Keras parity (Excel, Sheet 2)

Keras parity results are stored in an Excel workbook included with the package under:

inst/extdata/vsKeras/1000SEEDSRESULTSvsKeras/1000seedsKeras.xlsx

The file is accessed programmatically using system.file() to ensure CRAN-safe, cross-platform installation paths.

if (!requireNamespace("readxl", quietly = TRUE)) {
  message("Skipping keras-summary chunk: 'readxl' not installed.")
} else {
  keras_path <- system.file(
    "extdata", "vsKeras", "1000SEEDSRESULTSvsKeras", "1000seedsKeras.xlsx",
    package = "DDESONN"
  )

  if (nzchar(keras_path) && file.exists(keras_path)) {
    keras_stats <- readxl::read_excel(keras_path, sheet = 2)
    .vtbl(keras_stats, title = "Keras — 1000-seed summary (Sheet 2)")
  } else {
    cat("Keras Excel not found in installed package.\n")
  }
}
#> Keras Excel not found in installed package.

Reproducibility notes

These results aggregate two 500-seed runs done locally.
A master seed was not set for those two original runs.
DDESONN now sets a master seed in TestDDESONN_1000seeds.R.
Keras parity sets a synchronized master seed in TestKeras_1000seeds.py.
Keras raw and summary outputs are compiled in 1000seedsKeras.xlsx under inst/extdata/vsKeras/1000SEEDSRESULTSvsKeras/.

Distributed execution (scaling note)

The results shown here were computed locally.

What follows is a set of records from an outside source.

(* Let $p$ be an odd prime, $G$ a finite non-abelian $p$-group, and $N$ a normal subgroup of $G$ with $C_G(N)\leq N$. Let $m$ be a positive integer with $d(Z(G))<m$. If $\mathrm{H}^1(G/N,\Omega_1(Z(N)))\cong\mathrm{F}_p^m$, then $G$ has a non-inner automorphism of order $p$.
   Context: $d(X)$ is the minimal number of generators of a group $X$; $\Omega_1(X)=\langle x\in X: x^p=1\rangle$; $\mathrm{F}_p$ is the field with $p$ elements. $G/N$ acts on $Z(N)$ (and on $\Omega_1(Z(N))$) via conjugation by $G$, making $\Omega_1(Z(N))$ an $\mathrm{F}_p(G/N)$-module; $\mathrm{H}^1(G/N,M)=\mathrm{Der}(G/N,M)/\mathrm{Ider}(G/N,M)$, where a derivation satisfies $\delta(xy)=\delta(x)^y\delta(y)$ and inner derivations are $\delta_h(g)=(h^{-1})^gh$. *)

From HB Require Import structures.
From mathcomp Require Import all_boot all_fingroup all_solvable.
Set Implicit Arguments. Unset Strict Implicit. Unset Printing Implicit Defensive.

Import GroupScope.
Local Open Scope group_scope.

Definition dgen (gT : finGroupType) (X : {set gT}) : nat :=
  \big[minn/#|X|]_(S : {set gT} | <<S>> == X) #|S|.

Section Cohomology.
Variables (gT : finGroupType) (G N : {set gT}) (M : {set gT}).

(* Action of a coset xb \in G/N on M: conjugation by a representative.
   (Well defined when N centralizes M, e.g. M = Omega_1(Z(N)).) *)
Definition cact (m : gT) (xb : coset_of N) : gT := m ^ repr xb.

(* Derivations G/N -> M: delta(xy) = delta(x)^y delta(y); normalized to be
   1 outside G/N. *)
Definition is_der (d : {ffun coset_of N -> gT}) : bool :=
  [forall x, (x \in G / N) ==> (d x \in M)] &&
  [forall x, (x \notin G / N) ==> (d x == 1)] &&
  [forall x in G / N, forall y in G / N, d (x * y) == cact (d x) y * d y].

Definition Der : {set {ffun coset_of N -> gT}} := [set d | is_der d].

Definition inner_der (h : gT) : {ffun coset_of N -> gT} :=
  [ffun xb => if xb \in G / N then cact h^-1 xb * h else 1].

Definition Ider : {set {ffun coset_of N -> gT}} := [set inner_der h | h in M].

Definition fmul (d e : {ffun coset_of N -> gT}) : {ffun coset_of N -> gT} :=
  [ffun xb => d xb * e xb].

Definition der_class (d : {ffun coset_of N -> gT}) :=
  [set fmul d i | i in Ider].

(* H^1(G/N, M) = Der / Ider, as the set of cosets. *)
Definition H1 : {set {set {ffun coset_of N -> gT}}} := [set der_class d | d in Der].

End Cohomology.

Definition inner_aut (gT : finGroupType) (G : {set gT}) (a : {perm gT}) : Prop :=
  exists2 x, x \in G & {in G, forall y, a y = y ^ x}.

(* A derivation d : G/N -> Omega_1(Z(N)) twists G into the automorphism
   y |-> y d(yN), whose p-th power is trivial.  If every automorphism of order p
   were inner, each twist would be conjugation by some x in Z(N), so that
   d(yN) = [y, x] for all y in G and x^p lies in Z(G); the class of d in H^1 is
   then determined by the coset of x^p modulo Mho^1(Z(G)).  Hence
   |H^1| <= |Z(G) : Mho^1(Z(G))| = p^rank(Z(G)) <= p^d(Z(G)) < p^m. *)

From mathcomp Require Import all_boot all_fingroup all_solvable.
From Stdlib Require Import Classical.
Set Implicit Arguments. Unset Strict Implicit. Unset Printing Implicit Defensive.
Import GroupScope.

Lemma leq_card_imset_factor (T U V : finType) (A : {set T}) (f : T -> U) (g : T -> V) :
  {in A &, forall x y, f x = f y -> g x = g y} -> #|g @: A| <= #|f @: A|.
Proof.
move=> fg; case: (set_0Vmem A) => [-> | [x0 Ax0]]; first by rewrite !imset0 cards0.
pose h u := g (odflt x0 [pick x in A | f x == u]).
apply: leq_trans (leq_imset_card h _); apply/subset_leq_card/subsetP.
move=> _ /imsetP[x Ax ->]; apply/imsetP; exists (f x); first exact: imset_f.
rewrite /h; case: pickP => [x' /andP[Ax' /eqP fx'x] | /(_ x)] /=.
  by rewrite (fg _ _ Ax' Ax fx'x).
by rewrite Ax eqxx.
Qed.

Lemma grank_le_dgen (gT : finGroupType) (X : {group gT}) : 'm(X) <= dgen X.
Proof.
rewrite /dgen; apply: (big_ind (fun n => 'm(X) <= n)) => [| n1 n2 | S /eqP <-].
- by have := grank_min X; rewrite genGid.
- by rewrite leq_min => -> ->.
- exact: grank_min.
Qed.

Lemma index_Mho1_abelian (gT : finGroupType) (p : nat) (A : {group gT}) :
  p.-group A -> abelian A -> #|A : 'Mho^1(A)| = (p ^ 'r(A))%N.
Proof.
move=> pA cAA; rewrite (rank_abelian_pgroup pA cAA).
rewrite -card_pgroup ?(pgroupS (Ohm_sub 1 A)) // -divgS ?Mho_sub //.
by rewrite -(mul_card_Ohm_Mho_abelian 1 cAA) mulnK.
Qed.

Lemma mem_Ohm1_abelian (gT : finGroupType) (p : nat) (A : {group gT}) :
  prime p -> p.-group A -> abelian A ->
  forall x, (x \in 'Ohm_1(A)) = (x \in A) && (x ^+ p == 1).
Proof.
move=> p_pr pA cAA x; have := Ohm1_abelem pA cAA.
by rewrite abelemE // => /andP[_ /(Ohm1Eexponent p_pr)->]; rewrite !inE.
Qed.

Section CommgAbelianNormal.
Variables (gT : finGroupType) (A : {group gT}) (y : gT).
Hypotheses (cAA : abelian A) (nAy : y \in 'N(A)).

Lemma mem_commg_norm a : a \in A -> [~ y, a] \in A.
Proof. by move=> Aa; rewrite commgEr groupM // memJ_norm ?groupV. Qed.

Lemma commgM_abelian a b : a \in A -> b \in A -> [~ y, a * b] = [~ y, a] * [~ y, b].
Proof.
move=> Aa Ab; have cA u v : u \in A -> v \in A -> commute u v.
  by move=> Au Av; apply: (centsP cAA).
rewrite commgMJ conjgE (cA _ _ (mem_commg_norm Aa) Ab) mulKg.
exact: cA (mem_commg_norm Ab) (mem_commg_norm Aa).
Qed.

Lemma commgX_abelian a k : a \in A -> [~ y, a ^+ k] = [~ y, a] ^+ k.
Proof. by move=> Aa; rewrite commgX //; apply: (centsP cAA) (mem_commg_norm Aa). Qed.

End CommgAbelianNormal.

Section DerivationAutomorphism.
Variables (gT : finGroupType) (p : nat) (G N : {group gT}).
Hypotheses (p_pr : prime p) (pG : p.-group G) (nsNG : N <| G) (sCN : 'C_G(N) \subset N).

Local Notation M := 'Ohm_1('Z(N)).

Let sNG : N \subset G := normal_sub nsNG.
Let nNG : G \subset 'N(N) := normal_norm nsNG.
Let nZG : G \subset 'N('Z(N)).
Proof. exact: normal_norm (char_normal_trans (center_char N) nsNG). Qed.
Let cZZ : abelian 'Z(N) := center_abelian N.
Let sMZ : M \subset 'Z(N) := Ohm_sub 1 _.
Let sZN : 'Z(N) \subset N := center_sub N.
Let pZ : p.-group 'Z(N) := pgroupS (subset_trans sZN sNG) pG.
Let memM x : (x \in M) = (x \in 'Z(N)) && (x ^+ p == 1) :=
  mem_Ohm1_abelian p_pr pZ cZZ x.


Lemma center_sub_centerN : 'Z(G) \subset 'Z(N).
Proof.
apply/subsetP => z /centerP[Gz cGz].
have cNz : z \in 'C(N) by apply/centP => y /(subsetP sNG)/cGz.
apply/centerP; split; last exact/centP.
by apply: (subsetP sCN); rewrite inE Gz.
Qed.

Lemma conjg_repr_coset a y : a \in 'Z(N) -> y \in 'N(N) -> a ^ repr (coset N y) = a ^ y.
Proof.
move=> Za nNy; have := mem_repr_coset (coset N y); rewrite val_coset //.
case/rcosetP => n Nn ->; rewrite conjgM.
have /centerP[_ cNa] := Za; congr (_ ^ y).
by apply/conjg_fixP/commgP; rewrite /commute (cNa n Nn).
Qed.

Lemma repr_quotient_mem xb : xb \in G / N -> repr xb \in G.
Proof.
by move=> Gxb; rewrite -(quotientGK nsNG) inE repr_coset_norm /= inE coset_reprK.
Qed.

Section Derivation.
Variable d : {ffun coset_of N -> gT}.
Hypothesis Dd : d \in Der G N M.

Lemma der_coset_mem y : y \in G -> d (coset N y) \in M.
Proof.
move: Dd; rewrite inE => /andP[/andP[/forall_inP Dd_in _] _] Gy.
exact: Dd_in (mem_quotient N Gy).
Qed.

Lemma der_out xb : xb \notin G / N -> d xb = 1.
Proof. by move: Dd; rewrite inE => /andP[/andP[_ /forallP Dd_out] _] /(implyP (Dd_out xb))/eqP. Qed.

Lemma der_cosetM x y :
  x \in G -> y \in G -> d (coset N (x * y)) = d (coset N x) ^ y * d (coset N y).
Proof.
move: Dd; rewrite inE => /andP[_ /forall_inP DdM] Gx Gy.
have Zdx : d (coset N x) \in 'Z(N) by rewrite (subsetP sMZ) ?der_coset_mem.
rewrite morphM ?(subsetP nNG) // -(conjg_repr_coset Zdx) ?(subsetP nNG) //.
by apply/eqP; move/forall_inP: (DdM _ (mem_quotient N Gx)); apply; apply: mem_quotient.
Qed.

Lemma der1 : d 1 = 1.
Proof.
have := der_cosetM (group1 G) (group1 G); rewrite mulg1 conjg1 morph1 => dd1.
by apply: (mulIg (d 1)); rewrite mul1g -dd1.
Qed.

Definition der_map y := y * d (coset N y).

Lemma der_map_morphic : morphic G der_map.
Proof.
apply/morphicP => x y Gx Gy; rewrite /der_map der_cosetM //.
by rewrite conjgE !mulgA mulgK.
Qed.

Let der_coset_memN y : y \in G -> d (coset N y) \in N.
Proof. by move=> Gy; rewrite (subsetP sZN) ?(subsetP sMZ) ?der_coset_mem. Qed.

Let der_map_mem y : y \in G -> der_map y \in G.
Proof. by move=> Gy; rewrite /der_map groupM // (subsetP sNG) ?der_coset_memN. Qed.

Lemma der_map_injm : 'injm (morphm der_map_morphic).
Proof.
apply/injmP => x y Gx Gy; rewrite /= !morphmE /der_map => dxy.
have: coset N (x * d (coset N x)) = coset N (y * d (coset N y)) by rewrite dxy.
by rewrite !coset_kerr ?der_coset_memN // => eq_xy; move: dxy; rewrite eq_xy => /mulIg.
Qed.

Lemma der_map_im : morphm der_map_morphic @* G = G.
Proof.
apply/eqP; rewrite eqEcard (card_injm der_map_injm) // leqnn andbT.
by apply/subsetP => _ /morphimP[y _ Gy ->]; rewrite /= morphmE der_map_mem.
Qed.

Definition der_aut := aut der_map_injm der_map_im.

Lemma der_autE y : y \in G -> der_aut y = y * d (coset N y).
Proof. by move=> Gy; rewrite autE //= morphmE. Qed.

Lemma der_autX k y : y \in G -> (der_aut ^+ k) y = y * d (coset N y) ^+ k.
Proof.
move=> Gy; rewrite permX; elim: k => [|k IHk] /=; first by rewrite mulg1.
rewrite IHk der_autE; last by rewrite groupM ?groupX // (subsetP sNG) ?der_coset_memN.
by rewrite coset_kerr ?groupX ?der_coset_memN // expgSr mulgA.
Qed.

Lemma der_autXp : der_aut ^+ p = 1.
Proof.
apply: (eq_Aut (groupX _ (Aut_aut _ _)) (group1 _)) => y Gy.
rewrite der_autX // perm1; have := der_coset_mem Gy.
by rewrite memM => /andP[_ /eqP ->]; rewrite mulg1.
Qed.

Lemma der_aut_inner :
  (forall a, a \in Aut G -> #[a] = p -> inner_aut G a) -> inner_aut G der_aut.
Proof.
move=> innerAut; have [der_aut1 | ntder_aut] := eqVneq der_aut 1.
  by exists 1 => // y Gy; rewrite der_aut1 perm1 conjg1.
apply: innerAut; first exact: Aut_aut.
apply/prime_nt_dvdP; rewrite ?order_eq1 //.
by rewrite order_dvdn der_autXp.
Qed.

(* Unlike [d = inner_der G N x], which only involves the representatives
   [repr xb], this asks d(yN) = [y, x] for every y in G; taking y in N then
   shows that x centralizes N. *)
Definition commg_der x := [forall y in G, d (coset N y) == [~ y, x]].

Lemma commg_der_of_inner_aut :
  inner_aut G der_aut -> exists2 x, x \in G & commg_der x.
Proof.
case=> x Gx der_autJ; exists x => //; apply/forall_inP => y Gy.
by rewrite commgEl -der_autJ // der_autE // mulKg.
Qed.

Section CommgDerivation.
Variable x : gT.
Hypotheses (Gx : x \in G) (dx : commg_der x).

Let der_commg y : y \in G -> d (coset N y) = [~ y, x].
Proof. by move=> Gy; apply/eqP; move/forall_inP: dx; apply. Qed.

Lemma commg_der_center : x \in 'Z(N).
Proof.
have cNx : x \in 'C(N).
  apply/centP => y Ny; apply/esym/commgP.
  by rewrite -der_commg ?(subsetP sNG) // coset_id // der1.
by apply/centerP; split; [apply: (subsetP sCN); rewrite inE Gx | apply/centP].
Qed.

Lemma commg_der_expp : x ^+ p \in 'Z(G).
Proof.
apply/centerP; split=> [|y Gy]; first exact: groupX.
apply/esym/commgP; rewrite (commgX_abelian cZZ) ?(subsetP nZG) ?commg_der_center //.
by rewrite -der_commg //; have := der_coset_mem Gy; rewrite memM => /andP[].
Qed.

Lemma commg_der_inner : d = inner_der G N x.
Proof.
apply/ffunP => xb; rewrite ffunE /cact; case: ifP => [Gxb | /negbT/der_out //].
by rewrite -{1}(coset_reprK xb) der_commg ?repr_quotient_mem // commgEr.
Qed.

End CommgDerivation.
End Derivation.

Lemma inner_derM a b : a \in 'Z(N) -> b \in 'Z(N) ->
  inner_der G N (a * b) = fmul (inner_der G N a) (inner_der G N b).
Proof.
move=> Za Zb; apply/ffunP => xb; rewrite !ffunE; case: ifP => [Gxb | _]; last by rewrite mulg1.
have nZy := subsetP nZG _ (repr_quotient_mem Gxb).
by rewrite /cact -!commgEr (commgM_abelian cZZ).
Qed.

Lemma inner_der_mul_center u a : u \in 'Z(G) ->
  inner_der G N (u * a) = inner_der G N a.
Proof.
move=> /centerP[_ cGu]; apply/ffunP => xb; rewrite !ffunE; case: ifP => // Gxb.
have /esym/commgP/eqP cyu := cGu _ (repr_quotient_mem Gxb).
by rewrite /cact -!commgEr commgMJ cyu conj1g mulg1.
Qed.

Lemma der_class_fmul_inner d w : w \in M ->
  der_class G M (fmul d (inner_der G N w)) = der_class G M d.
Proof.
have fmulA (e1 e2 e3 : {ffun coset_of N -> gT}) :
    fmul (fmul e1 e2) e3 = fmul e1 (fmul e2 e3).
  by apply/ffunP => xb; rewrite !ffunE mulgA.
move=> Mw.
apply/setP => e; apply/imsetP/imsetP => -[_ /imsetP[h Mh ->] ->{e}].
  exists (inner_der G N (w * h)); first by rewrite imset_f ?groupM.
  by rewrite fmulA inner_derM ?(subsetP sMZ).
exists (inner_der G N (w^-1 * h)); first by rewrite imset_f ?groupM ?groupV.
by rewrite fmulA -inner_derM ?groupM ?groupV ?(subsetP sMZ) ?mulKVg.
Qed.

Lemma der_class_eq d1 d2 x1 x2 u :
  d1 \in Der G N M -> d2 \in Der G N M ->
  x1 \in G -> commg_der d1 x1 -> x2 \in G -> commg_der d2 x2 ->
  u \in 'Z(G) -> x1 ^+ p = u ^+ p * x2 ^+ p ->
  der_class G M d1 = der_class G M d2.
Proof.
move=> Dd1 Dd2 Gx1 dx1 Gx2 dx2 ZGu x1p.
have Zx1 := commg_der_center Dd1 Gx1 dx1; have Zx2 := commg_der_center Dd2 Gx2 dx2.
have Zu := subsetP center_sub_centerN u ZGu.
have cZ a b : a \in 'Z(N) -> b \in 'Z(N) -> commute a b.
  by move=> Za Zb; apply: (centsP cZZ).
have Zux2 : u * x2 \in 'Z(N) by rewrite groupM.
(* x1 = u x2 w with w := (u x2)^-1 x1 in M and u central in G, so d1 is d2
   times the inner derivation of w. *)
have Mw : (u * x2)^-1 * x1 \in M.
  have cx1 : commute (u * x2)^-1 x1 by apply: cZ; rewrite ?groupV.
  rewrite memM groupM ?groupV //= expgMn // expgVn (expgMn _ (cZ _ _ Zu Zx2)).
  by rewrite -x1p mulVg.
rewrite (commg_der_inner Dd1 dx1) (commg_der_inner Dd2 dx2).
rewrite -(der_class_fmul_inner (inner_der G N x2) Mw).
rewrite -inner_derM ?(subsetP sMZ _ Mw) // -[in RHS](inner_der_mul_center _ ZGu).
by rewrite mulgA mulKVg.
Qed.

Lemma card_H1_le_index_Mho :
  (forall a, a \in Aut G -> #[a] = p -> inner_aut G a) ->
  #|H1 G N M| <= #|'Z(G) : 'Mho^1('Z(G))|.
Proof.
move=> innerAut.
pose x_ d := odflt 1 [pick x in G | commg_der d x].
have x_P d : d \in Der G N M -> x_ d \in G /\ commg_der d (x_ d).
  move=> Dd; rewrite /x_; case: pickP => [x /andP[Gx dx] // | no_x].
  have [x Gx dx] := commg_der_of_inner_aut (der_aut_inner Dd innerAut).
  by have := no_x x; rewrite Gx dx.
pose Mho_coset d := 'Mho^1('Z(G)) :* x_ d ^+ p.
apply: (@leq_trans #|Mho_coset @: Der G N M|).
  have MhoE : ('Mho^1('Z(G))%G : {set gT}) = [set u ^+ (p ^ 1) | u in 'Z(G)].
    exact: MhoEabelian (pgroupS (center_sub G) pG) (center_abelian G).
  apply: leq_card_imset_factor => d1 d2 Dd1 Dd2 /rcoset_eqP.
  rewrite mem_rcoset MhoE => /imsetP[u ZGu]; rewrite expn1 => xp_u.
  have [[Gx1 dx1] [Gx2 dx2]] := (x_P _ Dd1, x_P _ Dd2).
  by apply: (der_class_eq Dd1 Dd2 Gx1 dx1 Gx2 dx2 ZGu); rewrite -xp_u mulgKV.
apply/subset_leq_card/subsetP => _ /imsetP[d Dd ->].
have [Gx dx] := x_P _ Dd; apply/rcosetsP; exists (x_ d ^+ p) => //.
by have := commg_der_expp Dd Gx dx.
Qed.

End DerivationAutomorphism.

Theorem lemma2p5 (gT : finGroupType) (p : nat) (G N : {group gT}) (m : nat) :
  prime p -> odd p ->
  p.-group G -> ~~ abelian G ->
  N <| G -> 'C_G(N) \subset N ->
  0 < m -> dgen 'Z(G) < m ->
  #|H1 G N 'Ohm_1('Z(N))| = (p ^ m)%N ->
  exists2 a : {perm gT}, a \in Aut G & (#[a]%g = p /\ ~ inner_aut G a).
Proof.
move=> p_pr _ pG _ nsNG sCN _ dZG_lt_m cardH1; apply: NNPP => no_outer.
have innerAut a : a \in Aut G -> #[a] = p -> inner_aut G a.
  by move=> AutGa oa; apply: NNPP => not_inner; apply: no_outer; exists a.
have := card_H1_le_index_Mho p_pr pG nsNG sCN innerAut.
have [pZ cZZ] := (pgroupS (center_sub G) pG, center_abelian G).
rewrite cardH1 (index_Mho1_abelian pZ cZZ) -grank_abelian // leq_exp2l ?prime_gt1 //.
by rewrite leqNgt (leq_ltn_trans (grank_le_dgen _) dZG_lt_m).
Qed.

For large-scale experiments (hundreds to thousands of seeds), DDESONN can be executed in distributed environments to significantly reduce wall-clock time. Distributed tooling and development-stage orchestration scripts are maintained in the GitHub repository and intentionally excluded from the CRAN build so that this vignette remains focused on validated results and methodology.